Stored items
[Start of Attachment]

(* Let $\mathbf{G}=(\mathcal{V},\mathcal{E})$ be a directed graph on $\mathcal{V}=\{1,\dots,m\}$, let $a>0$, and let $\{r_{ij}\}_{(i,j)\in\mathcal{E}}$ be independent random variables, each uniform on $[0,ma)$. Define $t_i=\mathrm{mod}\big(\sum_{j:(j,i)\in\mathcal{E}} r_{ji}-\sum_{j:(i,j)\in\mathcal{E}} r_{ij},\,ma\big)$ for $i\in\mathcal{V}$. If the undirected graph $\bar{\mathbf{G}}$ is connected, then the vector $\mathbf{t}=(t_1,\dots,t_m)$ is uniformly distributed over the set of points of $[0,ma)^m$ satisfying $\mathrm{mod}\big(\sum_{i=1}^m t_i, ma\big)=0$.
   Context: $\bar{\mathbf{G}}$ is the undirected graph on $\mathcal{V}$ obtained from $\mathbf{G}$ by ignoring edge orientations. For $a'>0$ and real $y$, $\mathrm{mod}(y,a')=y-pa'$ where $p$ is the unique integer with $y-pa'\in[0,a')$; equivalently $\mathbf{t}=\mathrm{mod}(B\mathbf{r},ma)$ entrywise, with $B$ the incidence matrix of $\mathbf{G}$ and $\mathbf{r}$ the vector of the $r_{ij}$. *)

From HB Require Import structures.
From mathcomp Require Import all_boot all_order all_algebra.
From mathcomp Require Import all_classical all_reals all_analysis.
Set Implicit Arguments. Unset Strict Implicit. Unset Printing Implicit Defensive.
Import Order.TTheory GRing.Theory Num.Theory.
Local Open Scope classical_set_scope.
Local Open Scope ring_scope.

Definition modr (R : realType) (y a' : R) : R :=
  y - (Num.floor (y / a'))%:~R * a'.

Definition ubar (m : nat) (E : {set 'I_m * 'I_m}) : rel 'I_m :=
  fun i j => ((i, j) \in E) || ((j, i) \in E).

Definition uconnected (m : nat) (E : {set 'I_m * 'I_m}) : Prop :=
  forall i j : 'I_m, connect (ubar E) i j.

Definition mutually_independent (R : realType) (d : measure_display)
  (T : measurableType d) (P : probability T R) (I : finType)
  (J : {set I}) (X : I -> T -> R) : Prop :=
  (forall i, i \in J -> measurable_fun setT (X i)) /\
  forall (K : {set I}) (B : I -> set R), K \subset J ->
    (forall i, i \in K -> measurable (B i)) ->
    P [set w | forall i, i \in K -> B i (X i w)] =
    (\prod_(i in K) P (X i @^-1` B i))%E.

[End of Attachment]

Your task >> Would you copy out every line in the records that includes the string "realType"?

Written reply >>
Definition modr (R : realType) (y a' : R) : R :=
Definition mutually_independent (R : realType) (d : measure_display)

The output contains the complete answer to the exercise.